* [Instructions to follow] Of the entries below, return only those lines from the line with "exists c : 'I_(N (d" to the line with "(composed with the", exactly, both included.

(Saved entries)

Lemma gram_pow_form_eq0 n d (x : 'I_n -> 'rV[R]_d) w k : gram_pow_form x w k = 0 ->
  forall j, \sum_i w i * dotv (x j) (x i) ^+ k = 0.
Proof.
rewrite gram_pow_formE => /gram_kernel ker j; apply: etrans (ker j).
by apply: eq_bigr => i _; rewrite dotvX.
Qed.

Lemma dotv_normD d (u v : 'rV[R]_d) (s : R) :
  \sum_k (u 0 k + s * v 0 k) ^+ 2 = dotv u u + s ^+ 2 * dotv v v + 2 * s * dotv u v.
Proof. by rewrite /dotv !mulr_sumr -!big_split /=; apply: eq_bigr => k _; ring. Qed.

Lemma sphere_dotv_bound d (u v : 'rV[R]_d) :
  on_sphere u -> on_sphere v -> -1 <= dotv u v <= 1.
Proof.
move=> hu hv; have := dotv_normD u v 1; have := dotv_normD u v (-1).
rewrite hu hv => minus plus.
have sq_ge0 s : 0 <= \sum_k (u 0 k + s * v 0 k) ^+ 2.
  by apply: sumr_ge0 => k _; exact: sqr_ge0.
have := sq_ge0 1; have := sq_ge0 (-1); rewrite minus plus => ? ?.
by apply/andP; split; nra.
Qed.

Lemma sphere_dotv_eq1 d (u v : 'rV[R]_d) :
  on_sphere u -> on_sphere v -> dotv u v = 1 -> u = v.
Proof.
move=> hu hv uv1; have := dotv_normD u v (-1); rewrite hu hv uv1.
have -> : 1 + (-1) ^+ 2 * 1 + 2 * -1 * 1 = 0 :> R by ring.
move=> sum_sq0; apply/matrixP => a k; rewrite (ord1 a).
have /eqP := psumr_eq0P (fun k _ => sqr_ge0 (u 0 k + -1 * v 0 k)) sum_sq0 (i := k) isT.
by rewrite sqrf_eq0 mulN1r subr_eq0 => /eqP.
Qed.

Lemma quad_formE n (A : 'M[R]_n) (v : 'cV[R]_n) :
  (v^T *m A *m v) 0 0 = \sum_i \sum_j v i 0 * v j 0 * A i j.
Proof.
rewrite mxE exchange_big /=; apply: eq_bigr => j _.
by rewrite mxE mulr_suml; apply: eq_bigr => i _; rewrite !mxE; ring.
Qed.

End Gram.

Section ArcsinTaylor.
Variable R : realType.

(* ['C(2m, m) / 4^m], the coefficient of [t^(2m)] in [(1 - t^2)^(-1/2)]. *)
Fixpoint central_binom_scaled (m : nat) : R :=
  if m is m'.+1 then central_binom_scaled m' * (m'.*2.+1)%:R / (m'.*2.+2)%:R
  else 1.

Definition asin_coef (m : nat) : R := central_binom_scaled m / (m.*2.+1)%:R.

---

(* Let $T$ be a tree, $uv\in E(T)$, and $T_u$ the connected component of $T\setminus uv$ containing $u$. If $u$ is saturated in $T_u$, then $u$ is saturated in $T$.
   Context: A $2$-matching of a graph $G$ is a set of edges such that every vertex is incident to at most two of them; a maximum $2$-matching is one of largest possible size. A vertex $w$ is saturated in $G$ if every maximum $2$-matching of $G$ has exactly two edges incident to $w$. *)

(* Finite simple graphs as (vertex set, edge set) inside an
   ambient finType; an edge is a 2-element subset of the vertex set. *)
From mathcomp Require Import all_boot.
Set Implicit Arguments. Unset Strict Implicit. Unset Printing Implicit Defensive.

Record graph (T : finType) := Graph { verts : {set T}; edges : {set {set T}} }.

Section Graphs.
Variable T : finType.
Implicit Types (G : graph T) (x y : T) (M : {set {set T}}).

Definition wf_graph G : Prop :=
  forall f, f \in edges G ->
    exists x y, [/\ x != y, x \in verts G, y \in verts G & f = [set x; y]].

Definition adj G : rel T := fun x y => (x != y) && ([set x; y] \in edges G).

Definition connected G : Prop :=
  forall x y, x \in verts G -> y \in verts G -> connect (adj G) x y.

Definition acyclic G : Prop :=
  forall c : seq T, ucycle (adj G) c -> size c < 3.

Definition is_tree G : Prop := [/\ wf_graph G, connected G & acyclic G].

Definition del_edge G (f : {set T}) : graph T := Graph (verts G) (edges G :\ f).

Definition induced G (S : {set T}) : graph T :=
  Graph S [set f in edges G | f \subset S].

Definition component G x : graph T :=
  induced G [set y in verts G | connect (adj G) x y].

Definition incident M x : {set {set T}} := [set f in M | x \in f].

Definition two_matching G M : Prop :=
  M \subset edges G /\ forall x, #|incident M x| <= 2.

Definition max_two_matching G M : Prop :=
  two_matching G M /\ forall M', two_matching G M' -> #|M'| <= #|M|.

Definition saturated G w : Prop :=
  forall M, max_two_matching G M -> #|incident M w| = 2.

---

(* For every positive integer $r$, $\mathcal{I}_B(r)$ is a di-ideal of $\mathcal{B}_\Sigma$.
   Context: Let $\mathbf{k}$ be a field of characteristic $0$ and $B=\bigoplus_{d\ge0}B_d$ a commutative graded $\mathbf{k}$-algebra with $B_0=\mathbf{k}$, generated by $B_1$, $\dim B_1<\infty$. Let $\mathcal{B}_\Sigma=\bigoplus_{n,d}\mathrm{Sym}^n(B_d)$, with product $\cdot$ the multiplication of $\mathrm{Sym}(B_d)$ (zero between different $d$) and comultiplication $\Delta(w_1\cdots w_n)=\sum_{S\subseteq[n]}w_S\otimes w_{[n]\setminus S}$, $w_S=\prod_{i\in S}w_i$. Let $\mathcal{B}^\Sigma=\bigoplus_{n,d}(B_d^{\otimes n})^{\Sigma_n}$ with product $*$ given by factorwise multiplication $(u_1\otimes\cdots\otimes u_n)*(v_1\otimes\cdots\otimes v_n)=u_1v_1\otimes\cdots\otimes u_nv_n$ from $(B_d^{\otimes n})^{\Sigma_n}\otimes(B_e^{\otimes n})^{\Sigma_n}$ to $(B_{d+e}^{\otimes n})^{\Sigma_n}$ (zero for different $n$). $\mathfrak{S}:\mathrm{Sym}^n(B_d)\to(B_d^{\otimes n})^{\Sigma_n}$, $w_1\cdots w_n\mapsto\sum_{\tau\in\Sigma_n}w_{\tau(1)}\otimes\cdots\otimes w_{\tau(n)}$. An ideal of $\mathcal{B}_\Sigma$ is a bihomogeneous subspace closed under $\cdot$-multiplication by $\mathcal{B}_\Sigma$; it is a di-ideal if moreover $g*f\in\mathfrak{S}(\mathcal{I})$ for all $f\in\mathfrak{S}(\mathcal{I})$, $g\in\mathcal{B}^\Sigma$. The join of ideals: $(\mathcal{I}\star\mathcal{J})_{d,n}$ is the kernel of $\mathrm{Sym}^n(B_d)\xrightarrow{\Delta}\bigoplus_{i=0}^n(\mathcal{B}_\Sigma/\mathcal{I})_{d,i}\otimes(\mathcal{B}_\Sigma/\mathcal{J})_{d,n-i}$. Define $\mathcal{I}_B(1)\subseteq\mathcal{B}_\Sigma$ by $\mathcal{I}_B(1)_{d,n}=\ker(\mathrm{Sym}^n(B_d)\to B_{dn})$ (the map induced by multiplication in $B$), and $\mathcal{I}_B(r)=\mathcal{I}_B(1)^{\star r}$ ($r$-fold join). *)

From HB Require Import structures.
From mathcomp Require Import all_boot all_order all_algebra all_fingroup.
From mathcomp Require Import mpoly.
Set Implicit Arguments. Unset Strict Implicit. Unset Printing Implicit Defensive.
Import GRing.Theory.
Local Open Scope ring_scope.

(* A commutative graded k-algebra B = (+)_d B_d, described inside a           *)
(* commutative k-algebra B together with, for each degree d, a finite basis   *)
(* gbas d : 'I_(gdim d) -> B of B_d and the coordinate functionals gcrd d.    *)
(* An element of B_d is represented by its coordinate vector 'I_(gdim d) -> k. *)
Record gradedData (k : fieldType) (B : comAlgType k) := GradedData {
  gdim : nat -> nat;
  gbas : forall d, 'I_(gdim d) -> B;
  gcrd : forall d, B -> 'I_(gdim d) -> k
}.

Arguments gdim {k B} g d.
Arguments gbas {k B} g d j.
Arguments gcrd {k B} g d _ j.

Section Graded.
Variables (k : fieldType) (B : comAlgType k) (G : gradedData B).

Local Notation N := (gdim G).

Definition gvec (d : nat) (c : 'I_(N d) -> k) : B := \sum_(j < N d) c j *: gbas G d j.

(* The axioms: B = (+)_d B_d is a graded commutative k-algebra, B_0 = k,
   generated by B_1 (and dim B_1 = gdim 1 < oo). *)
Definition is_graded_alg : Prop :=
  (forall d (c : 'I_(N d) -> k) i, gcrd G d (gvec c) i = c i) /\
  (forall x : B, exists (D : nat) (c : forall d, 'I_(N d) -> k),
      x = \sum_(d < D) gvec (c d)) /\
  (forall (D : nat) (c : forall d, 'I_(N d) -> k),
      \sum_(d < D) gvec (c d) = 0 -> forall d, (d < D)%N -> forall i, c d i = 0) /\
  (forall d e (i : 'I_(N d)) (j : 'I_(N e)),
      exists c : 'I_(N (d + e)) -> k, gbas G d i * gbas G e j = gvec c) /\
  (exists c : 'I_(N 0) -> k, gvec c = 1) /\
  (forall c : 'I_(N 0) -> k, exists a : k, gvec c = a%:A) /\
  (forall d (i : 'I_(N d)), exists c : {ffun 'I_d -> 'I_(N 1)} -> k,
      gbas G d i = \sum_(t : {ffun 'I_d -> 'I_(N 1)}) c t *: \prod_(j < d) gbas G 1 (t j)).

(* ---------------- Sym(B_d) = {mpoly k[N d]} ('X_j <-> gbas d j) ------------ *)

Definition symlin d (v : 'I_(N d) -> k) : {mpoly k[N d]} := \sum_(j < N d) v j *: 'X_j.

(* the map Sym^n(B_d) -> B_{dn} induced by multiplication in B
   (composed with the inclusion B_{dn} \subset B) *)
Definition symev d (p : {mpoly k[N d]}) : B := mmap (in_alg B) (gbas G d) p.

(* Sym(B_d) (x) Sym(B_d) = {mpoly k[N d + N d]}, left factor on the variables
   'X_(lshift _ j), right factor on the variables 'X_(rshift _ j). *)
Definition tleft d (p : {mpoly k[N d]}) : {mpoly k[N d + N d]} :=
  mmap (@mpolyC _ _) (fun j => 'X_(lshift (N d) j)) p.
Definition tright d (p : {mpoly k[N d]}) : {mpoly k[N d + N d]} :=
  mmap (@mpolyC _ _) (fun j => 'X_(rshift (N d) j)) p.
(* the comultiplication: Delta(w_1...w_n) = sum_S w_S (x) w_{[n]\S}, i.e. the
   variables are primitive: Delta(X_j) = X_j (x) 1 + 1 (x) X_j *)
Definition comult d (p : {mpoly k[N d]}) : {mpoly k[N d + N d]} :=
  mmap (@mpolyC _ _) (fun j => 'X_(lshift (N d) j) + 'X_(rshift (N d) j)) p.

* [Worked solution]
      exists c : 'I_(N (d + e)) -> k, gbas G d i * gbas G e j = gvec c) /\
  (exists c : 'I_(N 0) -> k, gvec c = 1) /\
  (forall c : 'I_(N 0) -> k, exists a : k, gvec c = a%:A) /\
  (forall d (i : 'I_(N d)), exists c : {ffun 'I_d -> 'I_(N 1)} -> k,
      gbas G d i = \sum_(t : {ffun 'I_d -> 'I_(N 1)}) c t *: \prod_(j < d) gbas G 1 (t j)).

(* ---------------- Sym(B_d) = {mpoly k[N d]} ('X_j <-> gbas d j) ------------ *)

Definition symlin d (v : 'I_(N d) -> k) : {mpoly k[N d]} := \sum_(j < N d) v j *: 'X_j.

(* the map Sym^n(B_d) -> B_{dn} induced by multiplication in B
   (composed with the inclusion B_{dn} \subset B) *)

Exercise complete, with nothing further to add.